§ What you will do: Go through the listing below and output exactly the line with "(H : X -> X -> lmodType k)", the line with "case=> Gc G1 GM GV [Ap A1 AM AV]; split.", and each line between; omit the rest.

§ Records supplied:
Lemma can'_map_factor z x y t :
  can' z x y t
  = coact_twist z y x (tensor_mapr _ (TAH z y y x) (S x y) (can z x y t)).
Proof.
move: t; apply: btensor_ext => [||a a']; try solve_side.
rewrite can'_map_tmul can_map_tmul (tlift_comp (L := tensor_mapr _ _ _)); try solve_side.
rewrite (tlift_comp (L := coact_twist z y x)); try solve_side.
transitivity (tlift (fun c h => tlift (fun a0 a1 => tlift (fun c0 c1 =>
    tmul (TAH z y z x) (amul z x y a0 c0) (hmul z x x a1 (hmul x y x c1 (S x y h))))
      (rho x y c)) (rho z x a)) (rho x y a')); last first.
  apply: eq_tlift => c h.
  rewrite tensor_mapr_tmul // coact_twist_tmul rho_amul tlift_comp; try solve_side.
  apply: eq_tlift => a0 a1; rewrite tlift_comp; try solve_side.
  by apply: eq_tlift => c0 c1; rewrite tlift_tmul ?hmulA; try solve_side.
rewrite tlift_swap; try by move=> *; solve_side.
apply: eq_tlift => a0 a1.
rewrite (rho_convolution_unit (G := fun d u => tmul _ (amul z x y a0 d) (hmul z x x a1 u))).
rewrite ?hmulh1 //.
all: by [solve_side | exact: antipode_r].
Qed.

End ComoduleCategory.

Theorem theorem3p14
  (k : comPzRingType) (X : Type)
  (H : X -> X -> lmodType k)
  (hmul : forall x y z, H x y -> H y z -> H x z) (hone : forall x, H x x)
  (TH : forall x y, tensor (H x y) (H x y))
  (Delta : forall x y, H x y -> tcar (TH x y))
  (eps : forall x y, H x y -> k)
  (S : forall x y, H x y -> H y x)
  (HH : @is_semihopf_cat k X H hmul hone TH Delta eps)
  (HS : @is_antipode k X H hmul hone TH Delta eps S)
  (Sbij : forall x y, bijective (S x y))
  (A : X -> X -> lmodType k)
  (amul : forall x y z, A x y -> A y z -> A x z) (aone : forall x, A x x)
  (TAH : forall x y z w, tensor (A x y) (H z w))
  (rho : forall x y, A x y -> tcar (TAH x y x y))
  (HA : @is_comodule_cat k X H hmul hone TH Delta eps A amul aone TAH rho)
  (TB : forall z x y, btensor (A z x) (A x y) (@Bbal k X H hone A amul TAH rho z x y)) :
  (forall x y z, bijective (@can'_map k X H hone A amul TAH rho TB z x y)) <->
  (forall x y z, bijective (@can_map k X H hone A amul TAH rho TB z x y)).
Proof.
split=> bij x y z.
all: have [can_of_can' can'_of_can] := bij_comp_eq
  (bij_comp (bij_coact_twist HH HS HA z y x)
            (bij_tensor_mapr _ (TAH z y y x) (S_klinear HS (x:=x) (y:=y)) (Sbij x y)))
  (can'_map_factor (TB := TB) HH HS HA (z:=z) (x:=x) (y:=y)).
- exact: can_of_can' (bij x y z).
- exact: can'_of_can (bij x y z).
Qed.
Lemma unit_subgroup_GA (G : K * K -> Prop) (A : K -> Prop) :
  subgroupC (@on_circle K) G -> subgroupK (fun x : K => 0 < x) A ->
  unit_subgroup (GA_complex G A).
Proof.
case=> Gc G1 GM GV [Ap A1 AM AV]; split.
- exists (cone K), 1; split => //; split => //; apply: complex_of_inj.
  by rewrite pair_ofK complex_ofM complex_of_cofK mulr1.
- move=> x y [g1 [a1 [Gg1 [Aa1 Ex]]]] [g2 [a2 [Gg2 [Aa2 Ey]]]].
  exists (cmul g1 g2), (a1 * a2); split; [exact: GM | split; first exact: AM].
  apply: complex_of_inj; rewrite pair_ofK -[x]pair_ofK -[y]pair_ofK Ex Ey.
  by rewrite !complex_ofM !complex_of_cofK rmorphM; ring.
- move=> x [g [a [Gg [Aa Ex]]]]; exists (cinv g), a^-1; split; first exact: GV.
  split; first exact: AV.
  apply: complex_of_inj; rewrite pair_ofK -[x]pair_ofK Ex.
  by rewrite !complex_ofM complex_ofV !complex_of_cofK fmorphV invfM.
- move=> x [g [a [Gg [Aa Ex]]]]; rewrite -[x]pair_ofK Ex complex_ofM complex_of_cofK.
  have g0 := complex_of_circle_neq0 (Gc _ Gg).
  by rewrite mulf_neq0 // fmorph_eq0 gt_eqF ?Ap.
Qed.

Lemma zfrac_gen_field (G : K * K -> Prop) (A : K -> Prop) x :
  unit_subgroup (GA_complex G A) -> gen_field (GAset G A) x ->
  zfrac (GA_complex G A) (complex_of x).
Proof.
move=> unitGA /(_ (fun y => zfrac (GA_complex G A) (complex_of y))); apply.
  split.
  - rewrite complex_of0 complex_of1.
    by split; apply: (zfrac_zspan unitGA); [exact: zspan0 | exact: zspan1].
  - by move=> a b Ha Hb; rewrite complex_ofD; apply: (zfracD unitGA).
  - by move=> a Ha; rewrite complex_ofN; apply: zfracN.
  - by move=> a b Ha Hb; rewrite complex_ofM; apply: (zfracM unitGA).
  - by move=> a Ha _; rewrite complex_ofV; apply: zfracV.
by move=> s Hs; apply/(zfrac_zspan unitGA)/zspan_mem; rewrite /GA_complex complex_ofK.
Qed.

Variables (G : K * K -> Prop) (A : K -> Prop) (G' : K * K -> Prop) (A' : K -> Prop).
Hypothesis subG : subgroupC (@on_circle K) G.
Hypothesis subA : subgroupK (fun x : K => 0 < x) A.
Hypothesis subG' : subgroupC G G'.
Hypothesis subA' : subgroupK A A'.
Hypothesis mann_sub : forall (a : seq ratq) (xs : seq (K * K)),
  (forall q, q \in a -> q.1 != 0) -> (forall x, x \in xs -> GAset G A x) ->
  nondeg_sol a xs -> forall x, x \in xs -> GAset G' A' x.

Lemma GA_complex_sub z : GA_complex G' A' z -> GA_complex G A z.
Proof.
case: subG' subA' => sG' _ _ _ [sA' _ _ _] [g [a [Gg [Aa Ez]]]].
by exists g, a; split; [exact: sG' | split; [exact: sA' |]].
Qed.

Lemma unit_subgroup_GA' : unit_subgroup (GA_complex G' A').
Proof.
case: subG subA subG' subA' => Gc _ _ _ [Ap _ _ _] [sG' G'1 G'M G'V] [sA' A'1 A'M A'V].
apply: unit_subgroup_GA; first by split => // g /sG'; exact: Gc.
by split => // a /sA'; exact: Ap.
Qed.
Lemma dext_deriv k t : derivable_pt_lim (dext k) t (dext (S k) t).
Proof.
  destruct (Rtotal_order t (1 / 4)) as [H1|[->|H1]].
  - rewrite dext_low by lra.
    apply (derivable_pt_lim_near (fun _ => 0) _ _ _ (1 / 4 - t)); [lra| |].
    + intros v Hv; apply Rabs_def2 in Hv; rewrite dext_low; auto; lra.
    + apply (derivable_pt_lim_cst_fun _ _ 0); auto.
  - rewrite dext_mid, d_quarter by lra.
    apply (derivable_pt_lim_0_glue _ (d k) _ (1 / 4)); [lra|rewrite <- (d_quarter (S k)); apply d_deriv|
      apply dext_mid; lra|].
    intros v Hv; apply Rabs_def2 in Hv; destruct (Rlt_dec v (1 / 4)).
    + right; rewrite dext_low, dext_mid, d_quarter; lra.
    + left; apply dext_mid; lra.
  - destruct (Rtotal_order t (3 / 4)) as [H2|[->|H2]].
    + rewrite dext_mid by lra; apply (derivable_pt_lim_near (d k) _ _ _ (Rmin (t - 1 / 4) (3 / 4 - t)));
        [apply Rmin_pos; lra| |apply d_deriv].
      intros v Hv; apply Rabs_def2 in Hv; pose proof (Rmin_l (t - 1 / 4) (3 / 4 - t)).
      pose proof (Rmin_r (t - 1 / 4) (3 / 4 - t)); rewrite dext_mid; auto; lra.
    + rewrite dext_mid, d_succ_three_quarters by lra.
      apply (derivable_pt_lim_0_glue _ (d k) _ (1 / 4)); [lra|rewrite <- (d_succ_three_quarters k);
        apply d_deriv|apply dext_mid; lra|].
      intros v Hv; apply Rabs_def2 in Hv; destruct (Rlt_dec (3 / 4) v).
      * right; rewrite dext_high, dext_mid by lra; destruct k; [rewrite d0_high; lra|].
        rewrite d_succ_three_quarters; auto.
      * left; apply dext_mid; lra.
    + rewrite dext_high by lra.
      apply (derivable_pt_lim_near (fun _ => match k with O => 1 | _ => 0 end) _ _ _ (t - 3 / 4)); [lra| |].
      * intros v Hv; apply Rabs_def2 in Hv; rewrite dext_high; auto; lra.
      * apply (derivable_pt_lim_cst_fun _ _ (match k with O => 1 | _ => 0 end)); auto.
Qed.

§ Response area:
  (H : X -> X -> lmodType k)
  (hmul : forall x y z, H x y -> H y z -> H x z) (hone : forall x, H x x)
  (TH : forall x y, tensor (H x y) (H x y))
  (Delta : forall x y, H x y -> tcar (TH x y))
  (eps : forall x y, H x y -> k)
  (S : forall x y, H x y -> H y x)
  (HH : @is_semihopf_cat k X H hmul hone TH Delta eps)
  (HS : @is_antipode k X H hmul hone TH Delta eps S)
  (Sbij : forall x y, bijective (S x y))
  (A : X -> X -> lmodType k)
  (amul : forall x y z, A x y -> A y z -> A x z) (aone : forall x, A x x)
  (TAH : forall x y z w, tensor (A x y) (H z w))
  (rho : forall x y, A x y -> tcar (TAH x y x y))
  (HA : @is_comodule_cat k X H hmul hone TH Delta eps A amul aone TAH rho)
  (TB : forall z x y, btensor (A z x) (A x y) (@Bbal k X H hone A amul TAH rho z x y)) :
  (forall x y z, bijective (@can'_map k X H hone A amul TAH rho TB z x y)) <->
  (forall x y z, bijective (@can_map k X H hone A amul TAH rho TB z x y)).
Proof.
split=> bij x y z.
all: have [can_of_can' can'_of_can] := bij_comp_eq
  (bij_comp (bij_coact_twist HH HS HA z y x)
            (bij_tensor_mapr _ (TAH z y y x) (S_klinear HS (x:=x) (y:=y)) (Sbij x y)))
  (can'_map_factor (TB := TB) HH HS HA (z:=z) (x:=x) (y:=y)).
- exact: can_of_can' (bij x y z).
- exact: can'_of_can (bij x y z).
Qed.
Lemma unit_subgroup_GA (G : K * K -> Prop) (A : K -> Prop) :
  subgroupC (@on_circle K) G -> subgroupK (fun x : K => 0 < x) A ->
  unit_subgroup (GA_complex G A).
Proof.
case=> Gc G1 GM GV [Ap A1 AM AV]; split.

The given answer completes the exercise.